Resilience in Marriage

 

I remember thinking to myself and wondering, before getting married, how come my parents were so close to each other, I always saw them being so cute to the other, so capable of trusting and having so much confidence in their relationships. Being married I have found questions to many of the questions I have had throughout the years, one thing that I know has enhanced their relationship and has brought them closer to each other, is that they have lived a lot of experiences together, happy experiences like the birth of a grandchild, the success of their son's adventures, a son going to serve a mission, a child recovering from a disease, and so on. But they also have lived great sadness and enormous trials, like the death of a closed one, the grieving of a daughter, losing big material possessions making them start their life from scratch, different illnesses, having beloved ones in places far away, and the suffering of their sons in different circumstances.

Thinking about this week class I realized that the strength of their marriage is not based on the happy times they have had, but on the tough trials they have had to face together. There is something about stressful situations, or as some material I read calls it: “Family crisis”, that can bring a family closer together, or can sadly, tear it apart.

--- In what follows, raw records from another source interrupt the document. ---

Lemma dotBr k (u v w : 'cV[R]_k) : dot u (v - w) = dot u v - dot u w.
Proof. by rewrite dotDr dotNr. Qed.

Lemma dotZr k a (u v : 'cV[R]_k) : dot u (a *: v) = a * dot u v.
Proof. by rewrite /dot mulr_sumr; apply: eq_bigr => i _; rewrite mxE mulrCA. Qed.

Lemma dot0r k (u : 'cV[R]_k) : dot u 0 = 0.
Proof. by rewrite -(scale0r 0) dotZr mul0r. Qed.

Lemma dotDl k (u v w : 'cV[R]_k) : dot (v + w) u = dot v u + dot w u.
Proof. by rewrite dotC dotDr !(dotC u). Qed.

Lemma dotNl k (u v : 'cV[R]_k) : dot (- v) u = - dot v u.
Proof. by rewrite dotC dotNr dotC. Qed.

Lemma dotBl k (u v w : 'cV[R]_k) : dot (v - w) u = dot v u - dot w u.
Proof. by rewrite dotDl dotNl. Qed.

Lemma dotZl k a (u v : 'cV[R]_k) : dot (a *: v) u = a * dot v u.
Proof. by rewrite dotC dotZr dotC. Qed.

Lemma dot0l k (u : 'cV[R]_k) : dot 0 u = 0.
Proof. by rewrite dotC dot0r. Qed.

Lemma dot_mulmxl p q (M : 'M[R]_(p, q)) u v : dot (M *m u) v = dot u (M^T *m v).
Proof.
have dotE k (a b : 'cV[R]_k) : dot a b = (a^T *m b) 0 0.
  by rewrite mxE; apply: eq_bigr => i _; rewrite mxE.
by rewrite !dotE trmx_mul mulmxA.
Qed.

Lemma dotvv_ge0 k (u : 'cV[R]_k) : 0 <= dot u u.
Proof. by apply: sumr_ge0 => i _; rewrite -expr2 sqr_ge0. Qed.

Lemma dotvv_eq0 k (u : 'cV[R]_k) : dot u u = 0 -> u = 0.
Proof.
move=> /eqP; rewrite psumr_eq0 => [/allP uu0|i _]; last by rewrite -expr2 sqr_ge0.
apply/matrixP => i j; rewrite (ord1 j) mxE.
by move: (uu0 i (mem_index_enum _)); rewrite /= mulf_eq0 orbb => /eqP.
Qed.

Lemma enorm_ge0 k (u : 'cV[R]_k) : 0 <= enorm u.
Proof. exact: sqrtr_ge0. Qed.

Lemma enorm_sqr k (u : 'cV[R]_k) : enorm u ^+ 2 = dot u u.
Proof.
rewrite sqr_sqrtr; last by apply: sumr_ge0 => i _; rewrite sqr_ge0.
by apply: eq_bigr => i _; rewrite expr2.
Qed.

Lemma enorm_eq0 k (u : 'cV[R]_k) : enorm u = 0 -> u = 0.
Proof. by move=> u0; apply: dotvv_eq0; rewrite -enorm_sqr u0 expr0n. Qed.

Lemma enorm0 k : enorm (0 : 'cV[R]_k) = 0.
Proof. by rewrite /enorm big1 ?sqrtr0 // => i _; rewrite mxE expr0n. Qed.

Lemma enormN k (u : 'cV[R]_k) : enorm (- u) = enorm u.
Proof. by rewrite /enorm; congr Num.sqrt; apply: eq_bigr => i _; rewrite mxE sqrrN. Qed.

Lemma dot_le_enorm k (u v : 'cV[R]_k) : dot u v <= enorm u * enorm v.
Proof.
have [/enorm_eq0 ->|u0] := eqVneq (enorm u) 0; first by rewrite dot0l enorm0 mul0r.
have [/enorm_eq0 ->|v0] := eqVneq (enorm v) 0; first by rewrite dot0r enorm0 mulr0.
have a_gt0 : 0 < enorm u by rewrite lt0r u0 enorm_ge0.
have b_gt0 : 0 < enorm v by rewrite lt0r v0 enorm_ge0.
(* expand 0 <= |b u - a v|^2 with a = |u|, b = |v| *)
have := dotvv_ge0 (enorm v *: u - enorm u *: v).
rewrite !(dotBl, dotBr, dotZl, dotZr) (dotC v u) -!enorm_sqr.
have := mulr_gt0 a_gt0 b_gt0; nra.
Qed.

Lemma dot_ge_Nenorm k (u v : 'cV[R]_k) : - (enorm u * enorm v) <= dot u v.
Proof.
by rewrite lerNl -dotNl -(enormN u) dot_le_enorm.
Qed.

Lemma enorm_addr_sqr k (u v : 'cV[R]_k) :
  enorm (u + v) ^+ 2 = enorm u ^+ 2 + 2 * dot u v + enorm v ^+ 2.
Proof. by rewrite !enorm_sqr !(dotDl, dotDr) (dotC v u); ring. Qed.

Lemma ler_enormD k (u v : 'cV[R]_k) : enorm (u + v) <= enorm u + enorm v.
Proof.
rewrite -(ler_pXn2r (n := 2)) ?nnegrE ?addr_ge0 ?enorm_ge0 // enorm_addr_sqr.
have := dot_le_enorm u v; lra.
Qed.

Lemma ler_enormB k (u v : 'cV[R]_k) : enorm (u - v) <= enorm u + enorm v.
Proof. by rewrite -(enormN v) ler_enormD. Qed.

Lemma enormZ k a (u : 'cV[R]_k) : enorm (a *: u) = `|a| * enorm u.
Proof.
rewrite -sqrtr_sqr -sqrtrM ?sqr_ge0 //; congr Num.sqrt; rewrite mulr_sumr.
by apply: eq_bigr => i _; rewrite mxE exprMn.
Qed.

Lemma enorm_convex k (c a b : 'cV[R]_k) (rho t : R) : 0 <= t <= 1 ->
  enorm (a - c) <= rho -> enorm (b - c) <= rho ->
  enorm (t *: (b - a) + a - c) <= rho.
Proof.
move=> /andP [t_ge0 t_le1] ac bc.
have -> : t *: (b - a) + a - c = t *: (b - c) + (1 - t) *: (a - c).
  rewrite scalerBl scale1r !scalerBr; apply/matrixP => i j; rewrite !mxE; ring.
apply: (le_trans (ler_enormD _ _)); rewrite !enormZ !ger0_norm ?subr_ge0 //.
nra.
Qed.

End EuclideanNorm.

Section OperatorBound.
Variable R : realType.

Definition op_bounded p q (M : 'M[R]_(p, q)) (c : R) :=
  forall v, enorm (M *m v) <= c * enorm v.

Lemma specnorm_op_bounded p q (M : 'M[R]_(p, q)) : op_bounded M (specnorm M).
Proof.
set S := [set enorm (M *m v) | v in [set v : 'cV[R]_q | enorm v <= 1]].
have S_ub : has_ubound S.
  exists (Num.sqrt (\sum_(i < p) (\sum_(j < q) `|M i j|) ^+ 2)).
  move=> _ [v /= v_le1 <-]; rewrite ler_sqrt; last first.
    by apply: sumr_ge0 => i _; rewrite sqr_ge0.
  apply: ler_sum => i _; rewrite mxE -real_normK ?num_real //.
  rewrite ler_pXn2r ?nnegrE ?sumr_ge0 //.
  apply: (le_trans (ler_norm_sum _ _ _)); apply: ler_sum => j _.
  have vj_le1 : v j 0 ^+ 2 <= 1.
    apply: le_trans (_ : enorm v ^+ 2 <= 1); last by rewrite expr_le1 ?enorm_ge0.
    rewrite enorm_sqr /dot (bigD1 j) //= -expr2 lerDl.
    by apply: sumr_ge0 => l _; rewrite -expr2 sqr_ge0.
  by rewrite normrM ler_piMr // -(expr_le1 (n := 2)) // real_normK ?num_real.
move=> v; have [/enorm_eq0 ->|v0] := eqVneq (enorm v) 0.
  by rewrite mulmx0 !enorm0 mulr0.
have v_gt0 : 0 < enorm v by rewrite lt0r v0 enorm_ge0.
have Mv_in : S (enorm (M *m ((enorm v)^-1 *: v))).
  exists ((enorm v)^-1 *: v) => //=.
  by rewrite enormZ ger0_norm ?invr_ge0 ?enorm_ge0 // mulVf.
have := ub_le_sup S_ub Mv_in.
by rewrite -scalemxAr enormZ ger0_norm ?invr_ge0 ?enorm_ge0 // ler_pdivrMl // mulrC.
Qed.

Lemma op_bounded_le p q (M : 'M[R]_(p, q)) c c' :
  c <= c' -> op_bounded M c -> op_bounded M c'.
Proof. by move=> cc' Mc v; apply: le_trans (Mc v) (ler_wpM2r (enorm_ge0 v) cc'). Qed.

Lemma op_boundedN p q (M : 'M[R]_(p, q)) c : op_bounded M c -> op_bounded (- M) c.
Proof. by move=> Mc v; rewrite mulNmx enormN. Qed.

Lemma op_boundedD p q (M1 M2 : 'M[R]_(p, q)) c1 c2 :
  op_bounded M1 c1 -> op_bounded M2 c2 -> op_bounded (M1 + M2) (c1 + c2).
Proof.
by move=> M1c M2c v; rewrite mulmxDl mulrDl (le_trans (ler_enormD _ _)) ?lerD.
Qed.

Lemma op_boundedM p q r (M1 : 'M[R]_(p, q)) (M2 : 'M[R]_(q, r)) c1 c2 :
  0 <= c1 -> op_bounded M1 c1 -> op_bounded M2 c2 -> op_bounded (M1 *m M2) (c1 * c2).
Proof.
move=> c1_ge0 M1c M2c v; rewrite -mulmxA -mulrA.
exact: le_trans (M1c _) (ler_wpM2l c1_ge0 (M2c v)).
Qed.

Lemma op_bounded_tr p q (M : 'M[R]_(p, q)) c :
  0 <= c -> op_bounded M c -> op_bounded M^T c.
Proof.
move=> c_ge0 Mc u; have [->|w0] := eqVneq (enorm (M^T *m u)) 0.
  by rewrite mulr_ge0 ?enorm_ge0.
have w_gt0 : 0 < enorm (M^T *m u) by rewrite lt0r w0 enorm_ge0.
rewrite -(ler_pM2r w_gt0) -expr2 enorm_sqr -dot_mulmxl dotC -mulrA mulrCA.
exact: le_trans (dot_le_enorm _ _) (ler_wpM2l (enorm_ge0 u) (Mc _)).
Qed.

Lemma enorm_sub_mulmx_tr_le p q (B : 'M[R]_(p, q)) (v : 'cV[R]_p) :
  op_bounded B 1 -> enorm (v - B *m (B^T *m v)) <= enorm v.
Proof.
move=> B1; rewrite -(ler_pXn2r (n := 2)) ?nnegrE ?enorm_ge0 //.
set x := B^T *m v.
have vBx : dot v (B *m x) = enorm x ^+ 2 by rewrite dotC dot_mulmxl enorm_sqr.
rewrite enorm_sqr !(dotBl, dotBr) vBx dot_mulmxl -/x -!enorm_sqr.
have := B1 x; rewrite mul1r; have := enorm_ge0 (B *m x); nra.
Qed.

End OperatorBound.

Section MeanValue.
Variable R : realType.

Lemma cvg_dot (U : Type) (F : set_system U) (FF : Filter F) k
    (q : U -> 'cV[R]_k) (L c : 'cV[R]_k) :
  q @ F --> L -> (fun h => dot c (q h)) @ F --> dot c L.
Proof.
move=> qL; apply: cvg_big => [|i _]; first exact: add_continuous.
apply: cvgM; first exact: cvg_cst.
exact: continuous_cvg _ (@coord_continuous R k 1 i 0 L) qL.
Qed.

Variables (N n : nat) (f : 'cV[R]_N -> 'cV[R]_n) (Jf : 'cV[R]_N -> 'M[R]_(n, N)).
Hypothesis f_diff : forall th, differentiable f th.
Hypothesis df_Jf : forall th h, 'd f th h = Jf th *m h.

Lemma is_derive_dot_line (c : 'cV[R]_n) (th D : 'cV[R]_N) (t0 : R) :
  is_derive t0 1 (fun t : R => dot c (f (t *: D + th)))
    (dot c (Jf (t0 *: D + th) *m D)).
Proof.
set g := fun t : R => f (t *: D + th).
have g_quot : (fun h : R => h^-1 *: ((g \o shift t0) (h *: 1) - g t0)) =
    (fun h : R => h^-1 *: ((f \o shift (t0 *: D + th)) (h *: D) - f (t0 *: D + th))).
  by apply: funext => h /=; rewrite /g [h%:A]mulr1 scalerDl addrA.
have g_cvg : (fun h : R => h^-1 *: ((g \o shift t0) (h *: 1) - g t0)) @ 0^'
    --> Jf (t0 *: D + th) *m D.
  by rewrite g_quot -df_Jf -deriveE //; exact: diff_derivable.
have dot_quot : (fun h : R => h^-1 *: (((fun t => dot c (g t)) \o shift t0) (h *: 1)
      - dot c (g t0))) =
    (fun h => dot c (h^-1 *: ((g \o shift t0) (h *: 1) - g t0))).
  by apply: funext => h /=; rewrite dotZr dotBr.
have := cvg_dot (c := c) _ g_cvg; rewrite -dot_quot => dot_cvg.
split; first by apply/cvg_ex; eexists; exact: dot_cvg.
by rewrite /derive; apply: cvg_lim => //; exact: dot_cvg.
Qed.

Lemma mean_value_dot_le (c : 'cV[R]_n) (th D : 'cV[R]_N) (K : 'M[R]_(n, N)) (b : R) :
  (forall t : R, 0 <= t <= 1 -> dot c ((Jf (t *: D + th) - K) *m D) <= b) ->
  dot c (f (D + th) - f th - K *m D) <= b.
Proof.
move=> dphi_le.
pose k := dot c (K *m D).
pose phi := (fun t : R => dot c (f (t *: D + th))) - k \*: (@id R).
have dphi (t : R) : is_derive t 1 phi (dot c (Jf (t *: D + th) *m D) - k *: 1).
  exact/is_deriveB/is_derive_dot_line.
have -> : dot c (f (D + th) - f th - K *m D) = phi 1 - phi 0.
  rewrite /phi !fctE /= scale1r scale0r add0r !dotBr /k scaler0 [_ *: 1]mulr1.
  by rewrite subr0 addrAC.
have [t0 t0_in ->] := @MVT_segment R phi
    (fun t => dot c (Jf (t *: D + th) *m D) - k *: 1) 0 1 ler01
    (fun t _ => dphi t)
    (derivable_within_continuous (fun t _ => @ex_derive _ _ _ _ _ _ _ (dphi t))).
by rewrite subr0 mulr1 [_ *: 1]mulr1 /k -dotBr -mulmxBl; apply: dphi_le.
Qed.

Lemma mean_value_le m (A : 'M[R]_(m, n)) (th D : 'cV[R]_N) (K : 'M[R]_(n, N)) (b : R) :
  0 <= b ->
  (forall t : R, 0 <= t <= 1 -> op_bounded (A *m (Jf (t *: D + th) - K)) b) ->
  enorm (A *m (f (D + th) - f th - K *m D)) <= b * enorm D.
Proof.
move=> b_ge0 Jb; set w := A *m _.
have [->|w0] := eqVneq (enorm w) 0; first by rewrite mulr_ge0 ?enorm_ge0.
have w_gt0 : 0 < enorm w by rewrite lt0r w0 enorm_ge0.
rewrite -(ler_pM2l w_gt0) -expr2 enorm_sqr {1}/w dot_mulmxl dotC.
apply: mean_value_dot_le => t t01.
rewrite dotC -dot_mulmxl dotC mulmxA.
exact: le_trans (dot_le_enorm _ _) (ler_wpM2l (enorm_ge0 w) (Jb t t01 D)).
Qed.

End MeanValue.

Section Arithmetic.
Variable R : realType.

Lemma growth_factor_step (e s : R) : 0 <= s -> (s + 1) * e ^+ 2 <= 1 / 2 ->
  (1 + e ^+ 2) * (1 + s * e ^+ 2 + s ^+ 2 * e ^+ 4) <=
  1 + (s + 1) * e ^+ 2 + (s + 1) ^+ 2 * e ^+ 4.
Proof.
move=> s_ge0 se_le.
have e2_ge0 : 0 <= e ^+ 2 := sqr_ge0 e.
have -> : e ^+ 4 = e ^+ 2 * e ^+ 2 by rewrite -exprD.
have sse : 0 <= s + 1 - s * (s * e ^+ 2).
  have : s * (s * e ^+ 2) <= s * (1 / 2) by apply: ler_wpM2l => //; nra.
  lra.
have := mulr_ge0 (mulr_ge0 e2_ge0 e2_ge0) sse.
nra.
Qed.

Lemma growth_factor_le (e s : R) : 0 <= s -> s * e ^+ 2 <= 1 / 2 ->
  1 + s * e ^+ 2 + s ^+ 2 * e ^+ 4 <= 16 / 9.
Proof.
move=> s_ge0 se_le; have se_ge0 : 0 <= s * e ^+ 2 by rewrite mulr_ge0 ?sqr_ge0.
have -> : s ^+ 2 * e ^+ 4 = (s * e ^+ 2) ^+ 2 by rewrite exprMn -exprM.
nra.
Qed.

I, being married for 4 years have had experienced where I feel so much closer to my wife during a challenge and other times where we have felt the challenge is pulling us away from each other. I remember my first weeks being in a country I never been before, not having friends or any relative, and finding solutions and looking for advice and ideas with my wife, and finally conquering that challenge together, looking back at it, it was very stressful, we lived uncertainty every day, until about the 8th-month mark, but we felt closer together everyday and we knew if we stayed together, everything was going to be fine, no matter what the outcome was. We have also experienced the opposite when coming to study, realizing we had this new challenge together, that we had to face individually, because she won’t be able to do my exams for me, and we realized we weren’t spending as much time together or doing the things we liked and enjoyed doing together, so we had to plan and do something about it, and now we are facing this challenge together, and helping each other as much as we can, and we have felt so much closer after planning and doing these things together.

The table below shows some of the major relative stressors that a family can go through, from most hard to less hard:


There are some things we can do, or not do, that will decrease the chances of us being able to cope with hard trials with our family, or that can negatively affect our relationship with our partners, like blaming others for it (Scapegoating), Denial, when we don’t know we have a problem and thus  can’t face it and look it in the eye, and Avoidance, where we know the existence of a problem, but avoid confronting it. None of these coping mechanism will be useful for improving our relationship, neither for solving the problem. On the other hand, taking responsibilities for the challenges and problems we face can be good for us individually, like in the case of a woman that got divorced, she didn’t play the victim but got on her feet got her real estate license and built her life up from there, also affirming your family’s self-worth can be very helpful, challenges can take a toll in our self-esteem, it’s important that you believe in yourself and to remember that you are a person that you and your family are people with strengths and the capacity to cope in unimaginable ways. There are many coping mechanisms we can use in positive ways, but we have to first try to assess our situation, look for other person help, accept their advice, and act upon it.